----- THE INPUT -----

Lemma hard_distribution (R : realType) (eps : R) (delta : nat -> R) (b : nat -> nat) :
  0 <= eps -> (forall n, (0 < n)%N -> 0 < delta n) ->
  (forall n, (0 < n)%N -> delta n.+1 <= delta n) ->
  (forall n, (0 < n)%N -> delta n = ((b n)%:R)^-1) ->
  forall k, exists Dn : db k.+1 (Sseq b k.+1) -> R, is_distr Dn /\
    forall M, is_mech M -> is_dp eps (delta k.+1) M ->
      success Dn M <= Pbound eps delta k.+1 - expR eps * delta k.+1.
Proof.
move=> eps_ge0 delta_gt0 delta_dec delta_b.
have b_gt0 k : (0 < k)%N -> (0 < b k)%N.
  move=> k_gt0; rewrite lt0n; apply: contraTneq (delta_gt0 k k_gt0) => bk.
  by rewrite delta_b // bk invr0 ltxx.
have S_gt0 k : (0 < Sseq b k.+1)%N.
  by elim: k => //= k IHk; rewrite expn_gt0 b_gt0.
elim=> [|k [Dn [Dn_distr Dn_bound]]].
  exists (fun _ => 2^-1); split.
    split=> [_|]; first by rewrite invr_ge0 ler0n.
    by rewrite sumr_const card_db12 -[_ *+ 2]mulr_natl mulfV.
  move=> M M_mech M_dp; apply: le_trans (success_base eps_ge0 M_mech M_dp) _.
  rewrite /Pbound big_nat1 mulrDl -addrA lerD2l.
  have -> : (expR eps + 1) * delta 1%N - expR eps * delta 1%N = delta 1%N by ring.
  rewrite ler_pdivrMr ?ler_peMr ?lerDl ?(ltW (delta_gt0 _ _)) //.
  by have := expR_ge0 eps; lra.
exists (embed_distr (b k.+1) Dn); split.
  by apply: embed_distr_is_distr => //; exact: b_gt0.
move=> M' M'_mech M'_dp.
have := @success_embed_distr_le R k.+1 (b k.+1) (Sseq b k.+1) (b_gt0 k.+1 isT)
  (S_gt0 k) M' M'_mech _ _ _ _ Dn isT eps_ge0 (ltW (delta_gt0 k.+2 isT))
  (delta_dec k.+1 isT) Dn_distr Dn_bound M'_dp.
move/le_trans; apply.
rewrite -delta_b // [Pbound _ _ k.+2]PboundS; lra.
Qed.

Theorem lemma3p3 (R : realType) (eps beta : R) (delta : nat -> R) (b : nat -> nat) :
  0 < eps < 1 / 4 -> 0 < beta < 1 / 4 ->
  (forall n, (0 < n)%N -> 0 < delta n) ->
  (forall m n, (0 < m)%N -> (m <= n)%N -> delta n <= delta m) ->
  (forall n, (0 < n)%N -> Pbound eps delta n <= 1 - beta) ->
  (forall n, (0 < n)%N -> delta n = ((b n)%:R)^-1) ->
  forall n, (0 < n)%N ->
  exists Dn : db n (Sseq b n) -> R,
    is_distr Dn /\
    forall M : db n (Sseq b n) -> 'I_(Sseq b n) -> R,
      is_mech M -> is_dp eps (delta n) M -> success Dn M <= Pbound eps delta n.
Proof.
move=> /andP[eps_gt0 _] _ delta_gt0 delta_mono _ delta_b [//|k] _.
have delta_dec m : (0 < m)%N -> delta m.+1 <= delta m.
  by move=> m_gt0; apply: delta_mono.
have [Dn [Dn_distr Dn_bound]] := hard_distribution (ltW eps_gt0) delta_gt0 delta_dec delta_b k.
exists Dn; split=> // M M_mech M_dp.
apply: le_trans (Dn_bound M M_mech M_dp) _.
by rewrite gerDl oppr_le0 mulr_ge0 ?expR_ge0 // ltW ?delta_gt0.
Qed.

-----
----- THE INPUT -----

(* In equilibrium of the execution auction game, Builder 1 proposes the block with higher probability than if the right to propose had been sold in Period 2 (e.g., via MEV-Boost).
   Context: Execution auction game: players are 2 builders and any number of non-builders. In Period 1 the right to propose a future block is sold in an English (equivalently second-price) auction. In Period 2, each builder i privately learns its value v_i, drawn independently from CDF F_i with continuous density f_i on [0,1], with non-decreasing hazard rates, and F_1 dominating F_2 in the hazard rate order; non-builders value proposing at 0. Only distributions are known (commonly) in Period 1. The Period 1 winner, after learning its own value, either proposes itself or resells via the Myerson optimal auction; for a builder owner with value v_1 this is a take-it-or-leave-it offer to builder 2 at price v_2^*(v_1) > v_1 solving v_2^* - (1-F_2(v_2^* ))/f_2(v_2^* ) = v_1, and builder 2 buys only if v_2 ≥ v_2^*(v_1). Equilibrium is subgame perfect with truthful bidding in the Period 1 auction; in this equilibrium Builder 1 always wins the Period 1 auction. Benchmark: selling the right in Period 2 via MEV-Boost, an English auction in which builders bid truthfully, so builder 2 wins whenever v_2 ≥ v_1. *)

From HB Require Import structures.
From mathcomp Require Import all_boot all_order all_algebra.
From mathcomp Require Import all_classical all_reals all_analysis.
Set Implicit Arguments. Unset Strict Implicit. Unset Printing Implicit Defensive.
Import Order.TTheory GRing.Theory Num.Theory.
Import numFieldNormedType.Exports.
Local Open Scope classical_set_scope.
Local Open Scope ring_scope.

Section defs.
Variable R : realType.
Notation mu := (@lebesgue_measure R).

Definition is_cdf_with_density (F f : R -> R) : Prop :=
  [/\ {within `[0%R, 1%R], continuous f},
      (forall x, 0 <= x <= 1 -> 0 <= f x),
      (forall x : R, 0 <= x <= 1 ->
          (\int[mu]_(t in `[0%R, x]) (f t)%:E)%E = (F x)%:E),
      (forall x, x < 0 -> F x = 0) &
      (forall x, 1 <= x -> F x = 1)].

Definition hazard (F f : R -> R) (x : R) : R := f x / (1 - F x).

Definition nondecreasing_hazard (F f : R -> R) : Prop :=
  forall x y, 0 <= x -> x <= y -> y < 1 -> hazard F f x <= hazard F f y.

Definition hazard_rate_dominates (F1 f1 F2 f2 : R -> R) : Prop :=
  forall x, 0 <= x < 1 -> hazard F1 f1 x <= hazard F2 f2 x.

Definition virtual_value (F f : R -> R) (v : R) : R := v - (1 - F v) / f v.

-----
----- THE INPUT -----

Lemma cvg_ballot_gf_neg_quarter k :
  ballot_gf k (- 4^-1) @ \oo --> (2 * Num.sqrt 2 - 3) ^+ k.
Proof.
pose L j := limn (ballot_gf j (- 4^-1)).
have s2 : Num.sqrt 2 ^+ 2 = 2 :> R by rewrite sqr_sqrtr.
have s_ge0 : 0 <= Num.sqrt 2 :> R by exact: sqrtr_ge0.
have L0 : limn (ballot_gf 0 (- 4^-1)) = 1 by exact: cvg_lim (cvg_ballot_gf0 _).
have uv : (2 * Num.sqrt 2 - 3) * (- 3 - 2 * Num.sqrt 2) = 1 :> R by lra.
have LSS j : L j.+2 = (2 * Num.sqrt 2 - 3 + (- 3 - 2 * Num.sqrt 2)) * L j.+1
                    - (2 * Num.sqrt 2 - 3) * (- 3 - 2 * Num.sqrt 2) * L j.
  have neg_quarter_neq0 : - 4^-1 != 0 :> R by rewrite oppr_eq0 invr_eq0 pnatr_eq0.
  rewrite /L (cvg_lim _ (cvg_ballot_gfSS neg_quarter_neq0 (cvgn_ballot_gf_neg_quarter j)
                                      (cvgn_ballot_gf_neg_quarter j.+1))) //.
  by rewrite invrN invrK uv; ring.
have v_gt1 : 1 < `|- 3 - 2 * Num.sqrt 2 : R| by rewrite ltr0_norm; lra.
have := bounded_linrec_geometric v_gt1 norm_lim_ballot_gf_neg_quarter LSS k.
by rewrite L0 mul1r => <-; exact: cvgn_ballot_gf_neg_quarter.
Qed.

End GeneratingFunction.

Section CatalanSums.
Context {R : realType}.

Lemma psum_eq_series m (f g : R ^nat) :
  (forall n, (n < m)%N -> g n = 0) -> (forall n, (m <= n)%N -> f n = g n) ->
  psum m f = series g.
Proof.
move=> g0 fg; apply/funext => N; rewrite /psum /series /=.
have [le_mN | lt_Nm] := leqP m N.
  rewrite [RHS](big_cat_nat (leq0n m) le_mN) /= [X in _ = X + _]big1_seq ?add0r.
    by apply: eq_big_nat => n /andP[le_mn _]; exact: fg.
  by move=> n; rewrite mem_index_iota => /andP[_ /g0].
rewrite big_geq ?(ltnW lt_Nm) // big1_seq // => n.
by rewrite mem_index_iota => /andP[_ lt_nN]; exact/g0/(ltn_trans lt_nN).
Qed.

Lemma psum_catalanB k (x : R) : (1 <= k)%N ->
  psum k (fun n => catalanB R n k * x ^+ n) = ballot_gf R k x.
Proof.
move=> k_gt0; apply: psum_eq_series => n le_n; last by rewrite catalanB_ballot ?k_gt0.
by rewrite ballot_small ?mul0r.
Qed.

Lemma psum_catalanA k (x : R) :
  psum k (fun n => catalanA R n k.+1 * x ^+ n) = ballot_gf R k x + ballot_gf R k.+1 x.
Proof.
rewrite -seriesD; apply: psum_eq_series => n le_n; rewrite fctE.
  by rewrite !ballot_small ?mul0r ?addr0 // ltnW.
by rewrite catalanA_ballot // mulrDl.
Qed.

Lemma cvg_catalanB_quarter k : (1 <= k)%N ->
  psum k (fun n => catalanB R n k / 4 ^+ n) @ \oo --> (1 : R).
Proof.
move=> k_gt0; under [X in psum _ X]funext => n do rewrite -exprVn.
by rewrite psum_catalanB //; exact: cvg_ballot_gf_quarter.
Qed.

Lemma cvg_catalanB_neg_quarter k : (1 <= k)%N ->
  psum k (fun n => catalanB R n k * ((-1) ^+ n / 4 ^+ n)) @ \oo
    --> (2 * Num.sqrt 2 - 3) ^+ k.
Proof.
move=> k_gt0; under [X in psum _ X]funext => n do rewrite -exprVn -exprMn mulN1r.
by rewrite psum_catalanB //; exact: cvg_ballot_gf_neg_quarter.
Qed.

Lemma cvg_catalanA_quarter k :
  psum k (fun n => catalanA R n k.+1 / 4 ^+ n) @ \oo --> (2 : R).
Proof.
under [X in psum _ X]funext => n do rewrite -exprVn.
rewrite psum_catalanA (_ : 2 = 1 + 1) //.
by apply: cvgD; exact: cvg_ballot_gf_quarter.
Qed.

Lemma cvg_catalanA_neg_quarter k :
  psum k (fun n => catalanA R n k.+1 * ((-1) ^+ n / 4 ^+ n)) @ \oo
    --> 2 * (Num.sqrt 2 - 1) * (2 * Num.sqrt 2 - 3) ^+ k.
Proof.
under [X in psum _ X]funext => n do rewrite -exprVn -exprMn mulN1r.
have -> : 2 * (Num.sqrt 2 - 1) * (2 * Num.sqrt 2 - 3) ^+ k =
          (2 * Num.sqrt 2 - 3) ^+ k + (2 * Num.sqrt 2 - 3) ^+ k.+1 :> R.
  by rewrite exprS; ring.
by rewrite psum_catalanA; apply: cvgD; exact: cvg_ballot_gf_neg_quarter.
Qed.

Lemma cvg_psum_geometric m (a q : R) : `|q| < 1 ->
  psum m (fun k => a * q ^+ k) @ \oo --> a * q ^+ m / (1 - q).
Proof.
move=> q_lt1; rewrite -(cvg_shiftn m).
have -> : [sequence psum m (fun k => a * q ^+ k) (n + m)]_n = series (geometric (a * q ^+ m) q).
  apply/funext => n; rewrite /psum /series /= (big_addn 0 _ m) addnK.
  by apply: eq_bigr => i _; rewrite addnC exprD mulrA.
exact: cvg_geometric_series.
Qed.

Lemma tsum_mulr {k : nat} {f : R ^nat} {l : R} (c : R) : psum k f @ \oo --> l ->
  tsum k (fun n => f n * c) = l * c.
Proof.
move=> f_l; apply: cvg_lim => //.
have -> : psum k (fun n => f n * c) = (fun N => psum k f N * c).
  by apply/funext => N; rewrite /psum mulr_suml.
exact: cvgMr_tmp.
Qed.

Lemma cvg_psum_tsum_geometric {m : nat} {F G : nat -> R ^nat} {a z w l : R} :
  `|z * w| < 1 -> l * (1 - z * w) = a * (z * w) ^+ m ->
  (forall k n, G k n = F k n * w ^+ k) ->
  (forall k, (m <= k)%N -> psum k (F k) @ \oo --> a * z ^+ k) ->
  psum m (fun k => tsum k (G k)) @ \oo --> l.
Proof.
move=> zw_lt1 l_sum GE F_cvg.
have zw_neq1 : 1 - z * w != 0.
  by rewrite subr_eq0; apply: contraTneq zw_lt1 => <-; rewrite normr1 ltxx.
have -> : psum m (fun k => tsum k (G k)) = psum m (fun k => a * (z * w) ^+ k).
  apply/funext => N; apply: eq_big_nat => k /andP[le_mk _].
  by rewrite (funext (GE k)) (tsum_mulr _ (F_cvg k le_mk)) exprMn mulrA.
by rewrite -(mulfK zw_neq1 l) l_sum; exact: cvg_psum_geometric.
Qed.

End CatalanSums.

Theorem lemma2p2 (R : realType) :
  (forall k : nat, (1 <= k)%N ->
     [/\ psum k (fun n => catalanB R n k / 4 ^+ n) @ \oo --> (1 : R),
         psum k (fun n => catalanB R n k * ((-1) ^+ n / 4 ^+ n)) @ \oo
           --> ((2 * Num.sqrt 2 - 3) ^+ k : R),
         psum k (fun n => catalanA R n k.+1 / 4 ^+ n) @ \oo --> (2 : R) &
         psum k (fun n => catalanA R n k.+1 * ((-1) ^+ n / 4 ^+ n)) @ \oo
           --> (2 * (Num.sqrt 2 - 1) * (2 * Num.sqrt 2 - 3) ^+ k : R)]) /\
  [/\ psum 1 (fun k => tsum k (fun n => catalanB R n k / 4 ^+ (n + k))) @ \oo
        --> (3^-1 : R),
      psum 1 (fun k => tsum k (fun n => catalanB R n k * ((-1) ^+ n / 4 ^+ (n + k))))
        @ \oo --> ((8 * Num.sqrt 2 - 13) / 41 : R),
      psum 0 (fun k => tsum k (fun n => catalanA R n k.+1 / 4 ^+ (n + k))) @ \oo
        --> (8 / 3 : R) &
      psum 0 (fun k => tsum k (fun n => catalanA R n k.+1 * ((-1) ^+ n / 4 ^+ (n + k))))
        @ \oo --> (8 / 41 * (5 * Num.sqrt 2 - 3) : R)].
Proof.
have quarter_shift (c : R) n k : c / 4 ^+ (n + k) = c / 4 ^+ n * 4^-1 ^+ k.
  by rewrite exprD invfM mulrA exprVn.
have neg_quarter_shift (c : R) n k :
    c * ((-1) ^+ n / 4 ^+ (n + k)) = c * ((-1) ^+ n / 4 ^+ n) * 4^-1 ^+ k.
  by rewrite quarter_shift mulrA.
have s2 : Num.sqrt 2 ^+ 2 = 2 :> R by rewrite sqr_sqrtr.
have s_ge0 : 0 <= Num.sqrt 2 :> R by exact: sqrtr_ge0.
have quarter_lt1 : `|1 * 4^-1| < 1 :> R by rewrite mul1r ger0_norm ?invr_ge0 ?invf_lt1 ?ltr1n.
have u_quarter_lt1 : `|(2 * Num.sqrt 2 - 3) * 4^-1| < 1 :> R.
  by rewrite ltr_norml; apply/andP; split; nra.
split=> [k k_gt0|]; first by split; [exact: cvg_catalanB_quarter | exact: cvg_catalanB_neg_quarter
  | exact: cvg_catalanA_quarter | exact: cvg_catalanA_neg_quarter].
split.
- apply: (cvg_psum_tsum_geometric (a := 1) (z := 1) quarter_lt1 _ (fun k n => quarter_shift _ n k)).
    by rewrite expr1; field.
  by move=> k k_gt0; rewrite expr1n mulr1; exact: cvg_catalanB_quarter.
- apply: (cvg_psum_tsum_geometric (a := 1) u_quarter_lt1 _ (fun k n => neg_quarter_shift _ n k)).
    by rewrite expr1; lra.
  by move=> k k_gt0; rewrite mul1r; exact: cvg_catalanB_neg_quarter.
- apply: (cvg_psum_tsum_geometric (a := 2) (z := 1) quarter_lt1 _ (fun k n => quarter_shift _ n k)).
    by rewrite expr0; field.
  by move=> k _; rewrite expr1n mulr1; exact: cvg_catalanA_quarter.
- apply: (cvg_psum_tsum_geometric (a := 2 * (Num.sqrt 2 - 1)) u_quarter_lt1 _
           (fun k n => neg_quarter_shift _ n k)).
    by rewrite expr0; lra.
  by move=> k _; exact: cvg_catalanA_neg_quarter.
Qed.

-----

**PROBLEM STATEMENT**
Exactly the lines above from the one with "apply/funext => N; apply: eq_big_nat" to the one with "n) @ \oo --> (2 : R) &", both included, are to be quoted; leave the rest out.

**REPLY TO THE TASK**
  apply/funext => N; apply: eq_big_nat => k /andP[le_mk _].
  by rewrite (funext (GE k)) (tsum_mulr _ (F_cvg k le_mk)) exprMn mulrA.
by rewrite -(mulfK zw_neq1 l) l_sum; exact: cvg_psum_geometric.
Qed.

End CatalanSums.

Theorem lemma2p2 (R : realType) :
  (forall k : nat, (1 <= k)%N ->
     [/\ psum k (fun n => catalanB R n k / 4 ^+ n) @ \oo --> (1 : R),
         psum k (fun n => catalanB R n k * ((-1) ^+ n / 4 ^+ n)) @ \oo
           --> ((2 * Num.sqrt 2 - 3) ^+ k : R),
         psum k (fun n => catalanA R n k.+1 / 4 ^+ n) @ \oo --> (2 : R) &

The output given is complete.